Water Properties on the Washington coast

OCNMS Mooring Record

We also test the model on on the coast. One important source of data comes from the dozen-or-so moorings maintained in the summer in relatively shallow water off the Olympic Peninsula by the NOAA Olympic Coast National Marine Sanctuary. The one shown above is in about 42 m of water near Cape Elizabeth. The three plots on the left show time series of how water properties at different depth change over a full year. The darker lines are the observations, and the lighter lines are the model. As with the CTD data, what we like to see is, for example, the two red lines right on top of each other. The average error is the RMSE number in each panel, in the units of the plot. Tides have been filtered out so the main source of variability you see is due to storms (the sharp spikes) or seasonal progression (like the gradual decrease of Oxygen in the bottom water over the course of the summer). Record means are plotted versus depth in the middle top plots.

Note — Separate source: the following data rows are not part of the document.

Theorem expansions_uncountable_of_reaching (x : R) : 0 < x < M ->
  ~ countable_set (beta_expansion beta m x).
Proof.
  intros Hx [f Hf].
  apply (bool_sequences_not_countable (fun s => f (tree_expansion (x, s)))).
  intros s s' Hfs. apply (tree_expansion_inj x s s' Hx).
  apply Hf; [apply tree_expansion_is_expansion.. | exact Hfs]; exact Hx.
Qed.

End BranchingTree.

Section OddDigitSet.

Variables (beta : R) (k : nat).
Hypothesis beta_gt1 : 1 < beta.

Local Notation m := (2 * k + 1)%nat.
Local Notation M := (expansion_sup beta m).
Local Notation admissible := (admissible beta m).
Local Notation branching := (branching beta m).
Local Notation reaches_branching := (reaches_branching beta m).

Hypothesis beta_lt_k_add_sup : beta < INR k + M.

Let INR_m : INR m = 2 * INR k + 1.
Proof. rewrite plus_INR, mult_INR. simpl. ring. Qed.

Let sup_fixed : beta * M - INR m = M := expansion_sup_fixed beta m beta_gt1.

Lemma odd_sup_gt1 : 1 < M.
Proof.
  pose proof (pos_INR k). pose proof beta_lt_k_add_sup.
  pose proof sup_fixed as Hfix. rewrite INR_m in Hfix. nra.
Qed.

Lemma middle_branching (x : R) : M - 1 <= x <= 1 -> branching x.
Proof.
  intros Hx. pose proof (pos_INR k). pose proof beta_lt_k_add_sup.
  pose proof sup_fixed as Hfix. rewrite INR_m in Hfix.
  exists k, (k + 1)%nat. unfold admissible.
  rewrite plus_INR, INR_1. repeat split; try lia; nra.
Qed.

Lemma reaches_or_extreme_digit (x : R) : 0 < x < M ->
  reaches_branching x \/ (~ branching x /\ (admissible x 0 \/ admissible x m)).
Proof.
  intros Hx. destruct (classic (branching x)) as [Hb | Hnb]; [left; now constructor|].
  destruct (admissible_exists beta m beta_gt1 x odd_sup_gt1 Hx) as [j Hj].
  destruct (Nat.eq_dec j 0) as [-> | Hj0]; [right; auto|].
  destruct (Nat.eq_dec j m) as [-> | Hjm]; [right; auto|].
  left. apply (reaches_step beta m x j Hnb Hj), reaches_here, middle_branching.
  split; [apply (nonbranching_lower beta m x j Hnb Hj); lia|].
  apply (nonbranching_upper beta m x j Hnb Hj). destruct Hj. lia.
Qed.

Lemma reaches_low (n : nat) (x : R) : 0 < x <= 1 -> 1 < beta ^ n * x -> reaches_branching x.
Proof.
  pose proof (pos_INR k). pose proof odd_sup_gt1. pose proof beta_lt_k_add_sup. pose proof sup_fixed.
  revert x. induction n as [|n IH]; intros x Hx Hn; [rewrite pow_O in Hn; lra|].
  destruct (reaches_or_extreme_digit x) as [| [Hnb [Hzero | Htop]]]; [lra | assumption | |].
  - apply (reaches_step beta m x 0 Hnb Hzero), IH.
    + pose proof (nonbranching_upper beta m x 0 Hnb Hzero ltac:(lia)). destruct Hzero. lra.
    + rewrite <- tech_pow_Rmult in Hn. change (INR 0) with 0. lra.
  - exfalso. pose proof (nonbranching_lower beta m x m Hnb Htop ltac:(lia)).
    rewrite INR_m in *. nra.
Qed.

Lemma reaches_high (n : nat) (x : R) : M - 1 <= x < M -> 1 < beta ^ n * (M - x) ->
  reaches_branching x.
Proof.
  pose proof (pos_INR k). pose proof odd_sup_gt1. pose proof beta_lt_k_add_sup. pose proof sup_fixed.
  revert x. induction n as [|n IH]; intros x Hx Hn; [rewrite pow_O in Hn; lra|].
  destruct (reaches_or_extreme_digit x) as [| [Hnb [Hzero | Htop]]]; [lra | assumption | |].
  - exfalso. pose proof (nonbranching_upper beta m x 0 Hnb Hzero ltac:(lia)).
    rewrite INR_m in *. change (INR 0) with 0 in *. nra.
  - apply (reaches_step beta m x m Hnb Htop), IH.
    + pose proof (nonbranching_lower beta m x m Hnb Htop ltac:(lia)). destruct Htop. lra.
    + rewrite <- tech_pow_Rmult in Hn.
      replace (M - (beta * x - INR m)) with (beta * (M - x)) by lra. lra.
Qed.

Lemma odd_reaches_branching (x : R) : 0 < x < M -> reaches_branching x.
Proof.
  intros Hx. pose proof odd_sup_gt1.
  destruct (reaches_or_extreme_digit x Hx) as [| [Hnb [Hzero | Htop]]]; [assumption | |].
  - apply (reaches_step beta m x 0 Hnb Hzero).
    pose proof (nonbranching_upper beta m x 0 Hnb Hzero ltac:(lia)). destruct Hzero as [_ Hzero].
    destruct (exists_pow_gt_inv beta (beta * x - INR 0) beta_gt1 ltac:(lra)) as [n Hn].
    apply (reaches_low n); lra.
  - apply (reaches_step beta m x m Hnb Htop).
    pose proof (nonbranching_lower beta m x m Hnb Htop ltac:(lia)). destruct Htop as [_ Htop].
    destruct (exists_pow_gt_inv beta (M - (beta * x - INR m)) beta_gt1 ltac:(lra)) as [n Hn].
    apply (reaches_high n); lra.
Qed.

End OddDigitSet.

(* beta lies below the positive root of t^2 - (k + 1) t - (k + 1), which is
   exactly the condition beta < k + m / (beta - 1). *)
Lemma lt_k_add_sup_of_lt_root (beta : R) (k : nat) : 1 < beta ->
  beta < (INR k + 1 + sqrt (INR k ^ 2 + 6 * INR k + 5)) / 2 ->
  beta < INR k + expansion_sup beta (2 * k + 1).
Proof.
  intros Hb Hroot. pose proof (pos_INR k) as Hk. set (K := INR k) in *.
  set (D := K ^ 2 + 6 * K + 5) in *.
  assert (HD : 0 <= D) by (unfold D; nra).
  pose proof (sqrt_sqrt D HD). pose proof (sqrt_pos D).
  assert (Hquad : beta * beta < (K + 1) * (beta + 1)).
  { assert (Hsq : (2 * beta - K - 1) * (2 * beta - K - 1) < D).
    { destruct (Rle_lt_dec 0 (2 * beta - K - 1)); [nra | unfold D; nra]. }
    unfold D in Hsq. nra. }
  assert (Hsup : expansion_sup beta (2 * k + 1) * (beta - 1) = 2 * K + 1).
  { unfold expansion_sup. rewrite plus_INR, mult_INR. simpl. fold K. field. lra. }
  nra.
Qed.

Theorem proposition3p6 (k : nat) (beta x : R) :
  1 < beta ->
  beta < (INR k + 1 + sqrt (INR k ^ 2 + 6 * INR k + 5)) / 2 ->
  0 < x -> x < INR (2 * k + 1) / (beta - 1) ->
  ~ countable_set (beta_expansion beta (2 * k + 1) x).
Proof.
  intros Hb Hroot Hx0 Hx1.
  pose proof (lt_k_add_sup_of_lt_root beta k Hb Hroot) as Hsup.
  apply (expansions_uncountable_of_reaching beta (2 * k + 1) Hb).
  - exact (odd_sup_gt1 beta k Hb Hsup).
  - exact (odd_reaches_branching beta k Hb Hsup).
  - split; assumption.
Qed.
(* Let $M,K\in\mathbb{R}^{m\times m}$ be symmetric positive definite matrices, let $\nu>0$, $\omega>0$, $\theta=1+\nu\omega^2$, and let $H_1=\begin{pmatrix} M&0\\0&M\end{pmatrix}$, $H_2=\begin{pmatrix} K&0\\0&K\end{pmatrix}$ and \[ R=\frac{1}{\sqrt{\nu\theta}}\begin{pmatrix} -i\omega\nu I & \sqrt{\nu}\, I\\ -\sqrt{\nu}\, I & i\omega\nu I\end{pmatrix}, \] where $I$ is the $m\times m$ identity. For $\alpha>0$ define the MBAS iteration matrix \[ P_\alpha=(\alpha I_{2m}+\sqrt{\nu\theta}H_2)^{-1}(\alpha I_{2m}+\theta RH_1)(\alpha I_{2m}+\theta H_1)^{-1}(\alpha I_{2m}-\sqrt{\nu\theta}RH_2). \] Then for every $\alpha>0$, \[ \rho(P_\alpha)\le \eta_\alpha:=\max_{\lambda\in\sigma(M)}\frac{\sqrt{\alpha^2+\theta^2\lambda^2}}{\alpha+\theta\lambda}\;\max_{\mu\in\sigma(K)}\frac{\sqrt{\alpha^2+\nu\theta\mu^2}}{\alpha+\sqrt{\nu\theta}\,\mu}<1 . \] In particular the MBAS iteration $x^{(k+1)}=P_\alpha x^{(k)}+Q_\alpha\tilde b$ converges for every $\alpha>0$ and every initial guess.
   Context: $\rho(\cdot)$ denotes the spectral radius and $\sigma(\cdot)$ the spectrum of a matrix. The MBAS iteration for the system $\tilde A x=\tilde b$, with $\tilde A=\theta H_1+\sqrt{\nu\theta}RH_2$, is: given $x^{(k)}$, solve $(\alpha I+\theta H_1)x^{(k+1/2)}=(\alpha I-\sqrt{\nu\theta}RH_2)x^{(k)}+\tilde b$ and then $(\alpha I+\sqrt{\nu\theta}H_2)x^{(k+1)}=(\alpha I+\theta RH_1)x^{(k+1/2)}-R\tilde b$; eliminating $x^{(k+1/2)}$ gives $x^{(k+1)}=P_\alpha x^{(k)}+Q_\alpha\tilde b$ with $Q_\alpha=\alpha(\alpha I+\sqrt{\nu\theta}H_2)^{-1}(I-R)(\alpha I+\theta H_1)^{-1}$. *)

From HB Require Import structures.
From mathcomp Require Import all_boot all_order all_algebra.
From mathcomp Require Import complex polyrcf.
Set Implicit Arguments. Unset Strict Implicit. Unset Printing Implicit Defensive.
Import Order.TTheory GRing.Theory Num.Theory.
Local Open Scope ring_scope.

Definition sym_posdef (R : rcfType) (m : nat) (M : 'M[R]_m) : Prop :=
  M^T = M /\ forall x : 'rV[R]_m, x != 0 -> 0 < (x *m M *m x^T) 0 0.

Definition spectrumR (R : rcfType) (m : nat) (M : 'M[R]_m) : seq R :=
  rootsR (char_poly M).

(* max of f over the spectrum of a real matrix (f >= 0 in our uses) *)
Definition max_spec (R : rcfType) (m : nat) (M : 'M[R]_m) (f : R -> R) : R :=
  \big[Num.max/0]_(l <- spectrumR M) f l.

(* the complex eigenvalues (with multiplicity) of a complex square matrix:
   the roots of its characteristic polynomial, which splits over R[i] *)
Definition eigenvalues_C (R : rcfType) (n : nat) (A : 'M[R[i]]_n) : seq R[i] :=
  sval (closed_field_poly_normal (char_poly A)).

(* spectral radius: max of moduli |z| (the library norm on R[i], a real number viewed in R via Re) *)
Definition spectral_radius (R : rcfType) (n : nat) (A : 'M[R[i]]_n) : R :=
  \big[Num.max/0]_(z <- eigenvalues_C A) complex.Re `|z|.

Definition cmx (R : rcfType) (m n : nat) (A : 'M[R]_(m, n)) : 'M[R[i]]_(m, n) :=
  map_mx (fun x => x%:C%C) A.

Definition H_of (R : rcfType) (m : nat) (M : 'M[R]_m) : 'M[R[i]]_(m + m) :=
  block_mx (cmx M) 0 0 (cmx M).

Definition Rmat (R : rcfType) (m : nat) (nu om : R) : 'M[R[i]]_(m + m) :=
  let th := 1 + nu * om ^+ 2 in
  ((Num.sqrt (nu * th))^-1)%:C%C *:
    block_mx ((- ('i%C * (om * nu)%:C%C)) %:M) ((Num.sqrt nu)%:C%C %:M)
             ((- (Num.sqrt nu)%:C%C) %:M) (('i%C * (om * nu)%:C%C) %:M).

Definition P_alpha (R : rcfType) (m : nat) (M K : 'M[R]_m) (nu om alpha : R)
  : 'M[R[i]]_(m + m) :=
  let th := 1 + nu * om ^+ 2 in
  let s := Num.sqrt (nu * th) in
  let a := (alpha%:C%C)%:M : 'M[R[i]]_(m + m) in
  let H1 := H_of M in let H2 := H_of K in let Rm := Rmat m nu om in
  invmx (a + s%:C%C *: H2) *m (a + th%:C%C *: (Rm *m H1)) *m
  invmx (a + th%:C%C *: H1) *m (a - s%:C%C *: (Rm *m H2)).

Definition eta_alpha (R : rcfType) (m : nat) (M K : 'M[R]_m) (nu om alpha : R) : R :=
  let th := 1 + nu * om ^+ 2 in
  max_spec M (fun l => Num.sqrt (alpha ^+ 2 + th ^+ 2 * l ^+ 2) / (alpha + th * l)) *
  max_spec K (fun mu => Num.sqrt (alpha ^+ 2 + nu * th * mu ^+ 2) /
                          (alpha + Num.sqrt (nu * th) * mu)).

From HB Require Import structures.
From mathcomp Require Import all_boot all_order all_algebra.
From mathcomp Require Import complex polyrcf spectral sesquilinear.
From mathcomp Require Import ring lra.
Set Implicit Arguments. Unset Strict Implicit. Unset Printing Implicit Defensive.
Import Order.TTheory GRing.Theory Num.Theory.
Local Open Scope ring_scope.

(* The MBAS iteration matrix
     P = B2^-1 A1 B1^-1 A2,   B1 = a + th H1,  A1 = a + th R H1,
                             B2 = a + s H2,   A2 = a - s R H2,   s = sqrt(nu th),
   is a product of two "contractions relative to B_k": since R is a
   skew-hermitian square root of -1 commuting with the hermitian H_k, the
   cross terms of (a + b R H)^* (a + b R H) cancel, so
     |(a + b R H) t|^2 = t^* (a^2 + b^2 H^2) t <= c^2 t^* (a + b H)^2 t,
   which holds as soon as a^2 + b^2 l^2 <= c^2 (a + b l)^2 on the spectrum of H
   (diagonalize H unitarily).  For an eigenpair P x = z x, chaining the two
   estimates through y = B2 x gives |z| |y| <= c1 c2 |y|, hence the bound on
   the spectral radius; each factor c_k is < 1 because the spectra are positive. *)

Section Eigenvectors.
Variable F : fieldType.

The lower middle plots give record means of "Willmott Skill Score" which is like model error divided by the range of the observations. If the agreement is perfect the skill is 1. The model shows some small biases - for example water at all depths are about half a degree C too cold, but overall the agreement is quite good, giving us confidence that the currents, mixing, and biogeochemical interactions predicted by the model are doing the right thing.